* [The task]: Return only the lines running from the top of the entries to the line with "under eq_bigr => x", inclusive, exactly as written.
===== The data
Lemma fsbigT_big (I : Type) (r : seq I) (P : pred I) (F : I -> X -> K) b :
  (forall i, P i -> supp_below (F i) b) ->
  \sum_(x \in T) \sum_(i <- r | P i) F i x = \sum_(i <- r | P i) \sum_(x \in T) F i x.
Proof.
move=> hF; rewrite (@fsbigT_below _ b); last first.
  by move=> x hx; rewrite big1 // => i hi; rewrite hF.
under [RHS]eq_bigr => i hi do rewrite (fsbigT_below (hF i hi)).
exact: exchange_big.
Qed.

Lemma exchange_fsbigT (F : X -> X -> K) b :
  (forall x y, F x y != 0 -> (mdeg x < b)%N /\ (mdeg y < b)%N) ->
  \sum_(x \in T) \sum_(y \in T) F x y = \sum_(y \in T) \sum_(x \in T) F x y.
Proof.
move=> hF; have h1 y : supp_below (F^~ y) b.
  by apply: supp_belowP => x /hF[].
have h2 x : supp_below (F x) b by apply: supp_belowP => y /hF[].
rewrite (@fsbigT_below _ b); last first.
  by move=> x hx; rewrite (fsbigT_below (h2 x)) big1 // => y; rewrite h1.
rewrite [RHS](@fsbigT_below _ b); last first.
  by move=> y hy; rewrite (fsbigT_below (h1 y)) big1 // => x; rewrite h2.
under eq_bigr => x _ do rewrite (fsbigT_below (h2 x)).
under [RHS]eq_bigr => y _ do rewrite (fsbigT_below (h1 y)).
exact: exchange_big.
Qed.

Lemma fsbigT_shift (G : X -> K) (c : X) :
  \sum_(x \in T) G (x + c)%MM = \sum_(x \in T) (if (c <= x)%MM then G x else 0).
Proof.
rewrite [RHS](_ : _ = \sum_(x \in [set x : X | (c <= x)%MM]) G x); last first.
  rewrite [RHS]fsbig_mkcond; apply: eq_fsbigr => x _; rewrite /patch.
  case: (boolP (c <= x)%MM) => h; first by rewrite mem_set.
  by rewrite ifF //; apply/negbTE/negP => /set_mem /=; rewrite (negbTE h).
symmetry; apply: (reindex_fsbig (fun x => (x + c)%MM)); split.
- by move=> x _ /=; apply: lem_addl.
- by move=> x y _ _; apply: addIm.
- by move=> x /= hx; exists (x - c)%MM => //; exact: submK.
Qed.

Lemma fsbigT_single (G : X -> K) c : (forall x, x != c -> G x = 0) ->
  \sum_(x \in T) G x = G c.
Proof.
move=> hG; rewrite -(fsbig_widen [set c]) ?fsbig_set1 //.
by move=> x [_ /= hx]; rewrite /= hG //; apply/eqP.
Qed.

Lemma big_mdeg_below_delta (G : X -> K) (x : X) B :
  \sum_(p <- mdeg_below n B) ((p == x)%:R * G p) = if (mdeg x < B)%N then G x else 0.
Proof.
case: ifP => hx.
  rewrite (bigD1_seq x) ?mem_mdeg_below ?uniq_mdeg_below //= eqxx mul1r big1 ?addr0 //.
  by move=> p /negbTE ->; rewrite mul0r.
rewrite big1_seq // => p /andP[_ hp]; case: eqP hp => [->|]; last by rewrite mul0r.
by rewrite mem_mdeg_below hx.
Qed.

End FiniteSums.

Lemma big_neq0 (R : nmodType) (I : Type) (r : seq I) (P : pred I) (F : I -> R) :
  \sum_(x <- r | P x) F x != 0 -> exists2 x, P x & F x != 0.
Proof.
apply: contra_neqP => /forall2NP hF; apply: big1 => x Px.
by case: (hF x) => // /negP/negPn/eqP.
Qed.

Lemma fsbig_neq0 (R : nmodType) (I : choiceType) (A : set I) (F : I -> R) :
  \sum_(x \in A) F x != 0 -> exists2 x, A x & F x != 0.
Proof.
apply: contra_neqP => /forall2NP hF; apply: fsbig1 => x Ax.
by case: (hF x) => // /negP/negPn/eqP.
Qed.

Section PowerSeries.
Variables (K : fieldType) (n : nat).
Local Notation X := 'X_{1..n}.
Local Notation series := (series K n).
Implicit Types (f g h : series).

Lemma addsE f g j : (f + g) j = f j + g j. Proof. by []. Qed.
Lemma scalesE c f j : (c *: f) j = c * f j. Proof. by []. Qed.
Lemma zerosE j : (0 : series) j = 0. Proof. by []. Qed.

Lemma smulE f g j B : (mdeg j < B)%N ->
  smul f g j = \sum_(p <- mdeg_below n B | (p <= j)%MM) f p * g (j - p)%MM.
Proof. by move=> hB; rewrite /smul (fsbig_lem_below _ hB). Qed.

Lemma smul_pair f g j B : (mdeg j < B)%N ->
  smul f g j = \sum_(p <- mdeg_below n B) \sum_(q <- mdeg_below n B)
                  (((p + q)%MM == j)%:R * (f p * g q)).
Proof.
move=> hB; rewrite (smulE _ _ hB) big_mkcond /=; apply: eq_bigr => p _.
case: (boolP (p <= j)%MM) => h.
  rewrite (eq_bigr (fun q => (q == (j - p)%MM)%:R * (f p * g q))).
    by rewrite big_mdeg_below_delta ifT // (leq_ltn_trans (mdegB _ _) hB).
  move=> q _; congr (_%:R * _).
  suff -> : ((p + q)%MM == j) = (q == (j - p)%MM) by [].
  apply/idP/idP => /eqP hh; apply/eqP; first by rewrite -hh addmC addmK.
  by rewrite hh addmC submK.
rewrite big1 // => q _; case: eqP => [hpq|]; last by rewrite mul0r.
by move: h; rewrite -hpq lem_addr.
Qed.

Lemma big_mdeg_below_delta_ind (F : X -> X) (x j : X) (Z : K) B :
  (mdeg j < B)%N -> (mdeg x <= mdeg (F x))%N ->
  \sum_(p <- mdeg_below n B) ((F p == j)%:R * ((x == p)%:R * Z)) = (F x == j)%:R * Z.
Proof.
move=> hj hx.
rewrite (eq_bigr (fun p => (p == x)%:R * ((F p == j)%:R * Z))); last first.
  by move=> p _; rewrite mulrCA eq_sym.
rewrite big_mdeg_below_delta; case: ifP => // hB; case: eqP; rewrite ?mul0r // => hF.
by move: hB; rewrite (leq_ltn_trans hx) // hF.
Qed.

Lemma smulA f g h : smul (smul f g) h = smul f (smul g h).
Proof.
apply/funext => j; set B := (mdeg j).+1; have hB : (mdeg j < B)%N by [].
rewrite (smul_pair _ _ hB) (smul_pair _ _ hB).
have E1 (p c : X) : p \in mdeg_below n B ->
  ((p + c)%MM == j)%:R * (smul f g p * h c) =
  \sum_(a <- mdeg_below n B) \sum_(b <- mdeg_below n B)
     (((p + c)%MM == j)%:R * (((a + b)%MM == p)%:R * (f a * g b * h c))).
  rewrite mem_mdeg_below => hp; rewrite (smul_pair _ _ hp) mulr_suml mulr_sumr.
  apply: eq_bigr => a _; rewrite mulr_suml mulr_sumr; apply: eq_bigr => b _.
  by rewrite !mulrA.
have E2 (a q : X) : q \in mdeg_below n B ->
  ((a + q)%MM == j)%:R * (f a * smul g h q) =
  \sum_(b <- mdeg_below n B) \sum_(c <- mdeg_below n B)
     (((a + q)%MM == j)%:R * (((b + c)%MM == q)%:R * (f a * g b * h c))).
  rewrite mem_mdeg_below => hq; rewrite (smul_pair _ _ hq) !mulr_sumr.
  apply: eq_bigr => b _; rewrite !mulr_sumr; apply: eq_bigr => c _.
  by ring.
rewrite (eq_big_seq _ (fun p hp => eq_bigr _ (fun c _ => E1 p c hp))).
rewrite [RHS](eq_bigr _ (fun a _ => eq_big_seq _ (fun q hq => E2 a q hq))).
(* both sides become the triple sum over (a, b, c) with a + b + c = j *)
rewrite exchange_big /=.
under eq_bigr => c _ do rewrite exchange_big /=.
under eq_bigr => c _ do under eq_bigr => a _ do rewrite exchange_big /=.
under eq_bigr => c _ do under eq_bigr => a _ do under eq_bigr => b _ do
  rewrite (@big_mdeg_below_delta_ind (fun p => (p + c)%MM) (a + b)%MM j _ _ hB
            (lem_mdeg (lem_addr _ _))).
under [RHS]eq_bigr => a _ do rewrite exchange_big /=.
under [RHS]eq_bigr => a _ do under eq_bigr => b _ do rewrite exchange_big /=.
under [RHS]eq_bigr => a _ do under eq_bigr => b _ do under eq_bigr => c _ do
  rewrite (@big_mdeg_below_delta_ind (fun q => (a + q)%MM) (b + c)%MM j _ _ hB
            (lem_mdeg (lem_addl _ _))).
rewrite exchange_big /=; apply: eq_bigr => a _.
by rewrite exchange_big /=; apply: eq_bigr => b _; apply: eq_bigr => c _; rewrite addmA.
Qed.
==========
* [Task response]:
Lemma fsbigT_big (I : Type) (r : seq I) (P : pred I) (F : I -> X -> K) b :
  (forall i, P i -> supp_below (F i) b) ->
  \sum_(x \in T) \sum_(i <- r | P i) F i x = \sum_(i <- r | P i) \sum_(x \in T) F i x.
Proof.
move=> hF; rewrite (@fsbigT_below _ b); last first.
  by move=> x hx; rewrite big1 // => i hi; rewrite hF.
under [RHS]eq_bigr => i hi do rewrite (fsbigT_below (hF i hi)).
exact: exchange_big.
Qed.

Lemma exchange_fsbigT (F : X -> X -> K) b :
  (forall x y, F x y != 0 -> (mdeg x < b)%N /\ (mdeg y < b)%N) ->
  \sum_(x \in T) \sum_(y \in T) F x y = \sum_(y \in T) \sum_(x \in T) F x y.
Proof.
move=> hF; have h1 y : supp_below (F^~ y) b.
  by apply: supp_belowP => x /hF[].
have h2 x : supp_below (F x) b by apply: supp_belowP => y /hF[].
rewrite (@fsbigT_below _ b); last first.
  by move=> x hx; rewrite (fsbigT_below (h2 x)) big1 // => y; rewrite h1.
rewrite [RHS](@fsbigT_below _ b); last first.
  by move=> y hy; rewrite (fsbigT_below (h1 y)) big1 // => x; rewrite h2.
under eq_bigr => x _ do rewrite (fsbigT_below (h2 x)).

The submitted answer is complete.